Diese fünf Folgen der Attacke auf das World Trade Center sind kaum bekannt
Der Tag, an dem der Himmel über New York grau wurde: Die Bilder von 9/11 sind in das Gedächtnis ganzer Generationen eingebrannt. So manche Folge des Anschlags war dabei nicht vorhersehbar. Fünf Fakten im Video.
09.09.2021
Tragische Ereignisse brennen sich ein: Jeder erinnert sich zum Beispiel an die Umstände, unter denen er von den Anschlägen des 11. September vor exakt zwanzig Jahren erfuhr. Schweizer Zeitzeug*innen erzählen.
Am 11. September 2001 verliess Romain, damals noch Student zusammen mit seinem Freund Nicolas die Berufsschule in Lausanne. «Wir warteten in Malley auf die Strassenbahn in Richtung Flon», erinnert er sich. Der Bruder seines Freundes, ein Super-Puma-Hubschrauberpilot der Schweizer Armee, rief ihn an und teilte ihm mit, dass «Amerika angegriffen wird» und dass er im Falle eines Angriffs mobilisiert werde. «Erst als wir nach Hause kamen, wurde uns klar, was hier los war...»

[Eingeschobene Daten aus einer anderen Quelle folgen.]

Lemma unitary_inertia_inertia (M : 'M[C]_k) : unitary_inertia M -> inertia M n0 np nm.
Proof.
move=> [U [v [Uu [s0 sp sm] ->]]]; have [c0 cp cm] := counts_real_complex (row_entries v).
exists (map (real_complex R) (row_entries v)).
rewrite (char_poly_conj _ (unitarymx_adjm Uu)); split; last by rewrite c0 cp cm.
exact: char_poly_real_diag.
Qed.

Lemma unitary_inertia_hermitian (M : 'M[C]_k) : unitary_inertia M -> adjm M = M.
Proof.
move=> [U [v [_ _ ->]]]; rewrite !adjmM adjmK adjm_diag mulmxA.
by congr (_ *m diag_mx _ *m _); apply/rowP => i; rewrite !mxE conjc_real.
Qed.

Lemma hermitian_unitary_inertia (H : 'M[C]_k) : adjm H = H -> inertia H n0 np nm ->
  unitary_inertia H.
Proof.
move=> H_herm [rs [H_char [r0 [rp rm]]]].
have Hh : H \is hermsymmx by apply/is_hermitianmxP; rewrite expr0 scale1r -adjmE H_herm.
have /orthomx_spectralP HE := hermitian_normalmx Hh.
have /mxOverP Hreal := hermitian_spectral_diag_real Hh.
set P := spectralmx H in HE; set a := spectral_diag H in HE Hreal.
have Pu : P \is unitarymx := spectral_unitarymx H.
pose v := map_mx (@complex.Re R) a.
have vE : real_diag_mx v = diag_mx a.
  by congr diag_mx; apply/matrixP => i j; rewrite !mxE RRe_real ?Hreal.
have {}HE : H = adjm P *m real_diag_mx v *m P.
  by rewrite vE {1}HE (invmx_unitary Pu) adjmE.
exists P, v; split; [exact: Pu | | exact: HE].
have [c0 cp cm] := counts_real_complex (row_entries v).
suff rsE : perm_eq rs (map (real_complex R) (row_entries v)).
  by split; rewrite -?c0 -?cp -?cm -(seq.permP rsE).
apply: prod_XsubC_eq; rewrite -H_char -char_poly_real_diag.
by rewrite {1}HE (char_poly_conj _ (unitarymx_adjm Pu)).
Qed.

Lemma sign_path (U : 'M[C]_k) (v : 'rV[R]_k) : U \is unitarymx ->
  has_signs n0 np nm (row_entries v) ->
  exists p : R -> 'M[C]_k, [/\ p 0 = adjm U *m real_diag_mx v *m U,
    p 1 = adjm U *m real_diag_mx (map_mx Num.sg v) *m U, lipschitz01_mx p &
    forall t, 0 <= t <= 1 -> unitary_inertia (p t)].
Proof.
move=> Uu vs; pose w t := map_mx (fun a => (1 - t) * a + t * Num.sg a) v.
exists (fun t => adjm U *m real_diag_mx (w t) *m U); split.
- congr (_ *m real_diag_mx _ *m _); apply/rowP => i.
  by rewrite mxE subr0 mul1r mul0r addr0.
- congr (_ *m real_diag_mx _ *m _); apply/rowP => i.
  by rewrite !mxE subrr mul0r add0r mul1r.
- apply: lipschitz01_mxM (lipschitz01_mx_cst _).
  apply: lipschitz01_mxM (lipschitz01_mx_cst _) _.
  apply: lipschitz01_diag_mx => i.
  apply: eq_lipschitz01 (lipschitz01D (lipschitz01_cst (v 0 i)%:C)
    (lipschitz01M (lipschitz01_id R)
                  (lipschitz01_cst (Num.sg (v 0 i) - v 0 i)%:C))) => t.
  by rewrite !mxE -rmorphM -rmorphD; congr (_%:C); ring.
- move=> t t01; exists U, (w t); split => //.
  by rewrite row_entries_map; apply/has_signs_map_sg => // a; exact: sg_lerp.
Qed.

Lemma perm_real_diag_mx (v w : 'rV[R]_k) : perm_eq (row_entries v) (row_entries w) ->
  exists2 P : 'M[C]_k, P \is unitarymx & real_diag_mx w = adjm P *m real_diag_mx v *m P.
Proof.
have -> : row_entries w = [tuple w 0 i | i < k] by [].
move=> /tuple_permP[q vq].
have vwq i : v 0 i = w 0 (q i).
  have <- : nth 0 (row_entries v) i = v 0 i.
    by rewrite /row_entries (nth_map i) ?size_enum_ord ?nth_ord_enum.
  by rewrite vq -(tnth_nth 0) !tnth_mktuple.
have adjm_perm : adjm (perm_mx q : 'M[C]_k) = perm_mx q^-1.
  by rewrite /adjm map_perm_mx tr_perm_mx.
exists (perm_mx q).
  by apply/unitarymxP; rewrite -adjmE adjm_perm -perm_mxM mulgV perm_mx1.
rewrite adjm_perm -row_permE -{2}(invgK q) -col_permE.
by apply/matrixP => a b; rewrite !mxE (inj_eq perm_inj) vwq permKV.
Qed.

Lemma unitary_inertia_path (H0 H1 : 'M[C]_k) :
  unitary_inertia H0 -> unitary_inertia H1 ->
  exists p : R -> 'M[C]_k, [/\ p 0 = H0, p 1 = H1, lipschitz01_mx p &
    forall t, 0 <= t <= 1 -> unitary_inertia (p t)].
Proof.
move=> [U0 [v0 [U0u v0s ->]]] [U1 [v1 [U1u v1s ->]]].
have [p0 [p00 p01 lp0 Ip0]] := sign_path U0u v0s.
have [p1 [p10 p11 lp1 Ip1]] := sign_path U1u v1s.
set s0 := map_mx Num.sg v0 in p01; set s1 := map_mx Num.sg v1 in p11.
have s0s : has_signs n0 np nm (row_entries s0).
  by rewrite row_entries_map; apply/has_signs_map_sg => // a; exact: sgr_id.
have [P Pu s1E] : exists2 P : 'M[C]_k, P \is unitarymx &
    real_diag_mx s1 = adjm P *m real_diag_mx s0 *m P.
  by apply: perm_real_diag_mx; rewrite !row_entries_map; exact: perm_eq_map_sg v0s v1s.
have [U [U0E U1E lU Uu]] := unitary_path U0u (mul_unitarymx Pu U1u).
pose q t := adjm (U t) *m real_diag_mx s0 *m U t.
exists (path_cat p0 (path_cat q (fun t => p1 (1 - t)))); split.
- by rewrite path_cat0.
- by rewrite !path_cat1 subrr.
- apply: lipschitz01_mx_cat lp0 _ _; last by rewrite path_cat0 /q U0E.
  apply: lipschitz01_mx_cat => [||]; last by rewrite subr0 p11 /q U1E s1E adjmM !mulmxA.
    apply: (lipschitz01_mxM _ lU).
    exact: lipschitz01_mxM (lipschitz01_adjm lU) (lipschitz01_mx_cst _).
  by move=> i j; exact: lipschitz01_rev (lp1 i j).
- have Iq t : 0 <= t <= 1 -> unitary_inertia (q t).
    by move=> _; exists (U t), s0; split; [exact: Uu | exact: s0s |].
  have Ip1_rev t : 0 <= t <= 1 -> unitary_inertia (p1 (1 - t)).
    by case/andP=> t0 t1; apply: Ip1; apply/andP; split; lra.
  exact: (path_cat_in Ip0 (path_cat_in Iq Ip1_rev)).
Qed.

End UnitaryInertia.

Section PrincipalBlock.
Variables (R : realType) (d : nat).
Local Notation C := R[i].
Local Notation n := (2 * d)%N.
Variables (K : {set 'I_n}) (x0 : 'I_n).
Hypothesis x0K : x0 \in K.

Definition extendK (H : 'M[C]_#|K|) (S : 'M[C]_n) : 'M[C]_n :=
  \matrix_(l, m) if (l \in K) && (m \in K)
                 then H (enum_rank_in x0K l) (enum_rank_in x0K m) else S l m.

Lemma subK_extendK (H : 'M[C]_#|K|) (S : 'M[C]_n) : subK K (extendK H S) = H.
Proof. by apply/matrixP => i j; rewrite !mxE !enum_valP !enum_valK_in. Qed.

Lemma extendK_subK (S : 'M[C]_n) : extendK (subK K S) S = S.
Proof.
apply/matrixP => l m; rewrite mxE; case: ifP => // /andP[lK mK].
by rewrite mxE !enum_rankK_in.
Qed.

Lemma adjm_extendK (H : 'M[C]_#|K|) (S : 'M[C]_n) :
  adjm (extendK H S) = extendK (adjm H) (adjm S).
Proof. by apply/matrixP => l m; rewrite !mxE andbC; case: ifP; rewrite ?mxE. Qed.

Lemma lipschitz01_extendK (H : R -> 'M[C]_#|K|) (S : R -> 'M[C]_n) :
  lipschitz01_mx H -> lipschitz01_mx S -> lipschitz01_mx (fun t => extendK (H t) (S t)).
Proof.
move=> lH lS l m; case lmK: ((l \in K) && (m \in K)).
  by apply: eq_lipschitz01 (lH _ _) => t; rewrite mxE lmK.
by apply: eq_lipschitz01 (lS l m) => t; rewrite mxE lmK.
Qed.

Variables n0 np nm : nat.

Lemma hermitian_inertia_path (Sx Sy : 'M[C]_n) :
  Defs.hermitian Sx -> Defs.hermitian Sy ->
  inertia (subK K Sx) n0 np nm -> inertia (subK K Sy) n0 np nm ->
  exists Sp : R -> 'M[C]_n, [/\ Sp 0 = Sx, Sp 1 = Sy, lipschitz01_mx Sp &
    forall t, 0 <= t <= 1 -> Defs.hermitian (Sp t) /\ inertia (subK K (Sp t)) n0 np nm].
Proof.
move=> Sx_herm Sy_herm Sx_in Sy_in.
have subK_herm (S : 'M[C]_n) : Defs.hermitian S -> adjm (subK K S) = subK K S.
  by move=> S_herm; apply/matrixP => i j; rewrite -[in RHS]S_herm !mxE.
have [H [H0 H1 lH IH]] := unitary_inertia_path
  (hermitian_unitary_inertia (subK_herm _ Sx_herm) Sx_in)
  (hermitian_unitary_inertia (subK_herm _ Sy_herm) Sy_in).
pose L t := (1 - t)%:C *: Sx + t%:C *: Sy.
have lL : lipschitz01_mx L.
  move=> l m; apply: eq_lipschitz01 (lipschitz01D (lipschitz01_cst (Sx l m))
    (lipschitz01M (lipschitz01_id R) (lipschitz01_cst (Sy l m - Sx l m)))) => t.
  by rewrite !mxE rmorphB rmorph1; ring.
have L_herm t : Defs.hermitian (L t).
  by rewrite /Defs.hermitian adjmD !adjmZ_real Sx_herm Sy_herm.
exists (fun t => extendK (H t) (L t)); split.
- by rewrite H0 /L subr0 rmorph1 rmorph0 scale1r scale0r addr0 extendK_subK.
- by rewrite H1 /L subrr rmorph1 rmorph0 scale1r scale0r add0r extendK_subK.
- exact: lipschitz01_extendK.
- move=> t t01; rewrite /Defs.hermitian adjm_extendK subK_extendK L_herm.
  rewrite (unitary_inertia_hermitian (IH t t01)).
  by split; last exact: unitary_inertia_inertia (IH t t01).
Qed.

End PrincipalBlock.

Theorem lemma7p3 (R : realType) (d : nat) (K : {set 'I_(2 * d)})
    (n0 np : nat) :
  (2 <= d)%N -> K != set0 ->
  (n0 <= #|K|)%N -> (np <= #|K| - n0)%N ->
  path_connected (@inJ R d K n0 np (#|K| - n0 - np)%N).
Proof.
(* Only K != set0 is used: it supplies the default index x0 needed to
   enumerate K. *)
move=> _ /set0Pn[x0 x0K] _ _ x y.
move=> [_ [Sx [[Sx_herm x_eq] Sx_in]]] [_ [Sy [[Sy_herm y_eq] Sy_in]]].
have [Sp [Sp0 Sp1 lSp Sp_in]] := hermitian_inertia_path x0K Sx_herm Sy_herm Sx_in Sy_in.
exists (fun t => (AK K (Sp t), BK K (Sp t))); split; [|split; [|split]].
- apply: quot_path_lipschitz01; [|exact: lipschitz01_AK | exact: lipschitz01_BK].
  by move=> t /Sp_in[Sp_herm _]; exact: inM_AKBK.
- move=> t /Sp_in[Sp_herm Sp_inertia]; split; first exact: inM_AKBK.
  by exists (Sp t); split => //; split => //; exact: orbit_equiv_refl.
- by apply: orbit_equiv_sym; rewrite Sp0.
- by apply: orbit_equiv_sym; rewrite Sp1.
Qed.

Wie bei allen anderen hat sich auch bei diesem Waadtländer die Erinnerung an die Ereignisse vor zwanzig Jahren und an die genauen Umstände, in denen er sich befand, als das Grauen über New York hereinbrach, eingebrannt.
Romain lebt heute in Kalifornien, was ihm eine andere Perspektive auf die Geschehnisse aufzeigt. «Es ist klar, dass die Menschen hier sensibler auf das Thema reagieren», sagt er, «aber gesprochen wird darüber nicht wirklich». Er vermute, dass einige von ihnen unter dem Tag selbst und den darauf folgenden Folgen psychisch sehr gelitten hätten, insbesondere die Soldaten, die nach Afghanistan und in den Irak gingen, und ihre Familien.
Von daher habe er das Gefühl, dass die Mehrheit der Bevölkerung das Geschehene lieber vergessen würde. «Natürlich spielen einige Leute immer noch mit diesen Empfindlichkeiten, um den ‹Krieg gegen den Terror› zu fördern», sagt er. «In Kalifornien hatten wir die einzige Abgeordnete, die gegen eine Invasion in Afghanistan gestimmt hat», sie habe die Meinung der Mehrheit vertreten, nämlich dass die Regierung viel mit Emotionen spiele, «um die Menschen zu kontrollieren und von den Aufrüstung zu profitieren.»
Der Ausgewanderte stellt auch eine Art «schleichenden Scham» fest, da der Krieg «am Ende kein klares Ziel hatte» und man Afghanistan nach zwanzig Jahren Krieg und Ausgaben für nichts verlassen habe.
Das Undenkbare in den Kinder-Augen
Lorène war erst siebeneinhalb Jahre alt, als die Zwillingstürme fielen. Aber sie hat nichts vergessen: Als sie mit ihrer Mutter nach der Schule zu Hause angekommen sei, habe ihr Bruder den Fernseher mit dem Sender Euronews angelassen, der zeigte, was in New York passiert war. «Damals wurde mir klar, dass die Welt, in der wir leben, verrückt ist und dass nicht alles rosig sein wird», sagt Lorène.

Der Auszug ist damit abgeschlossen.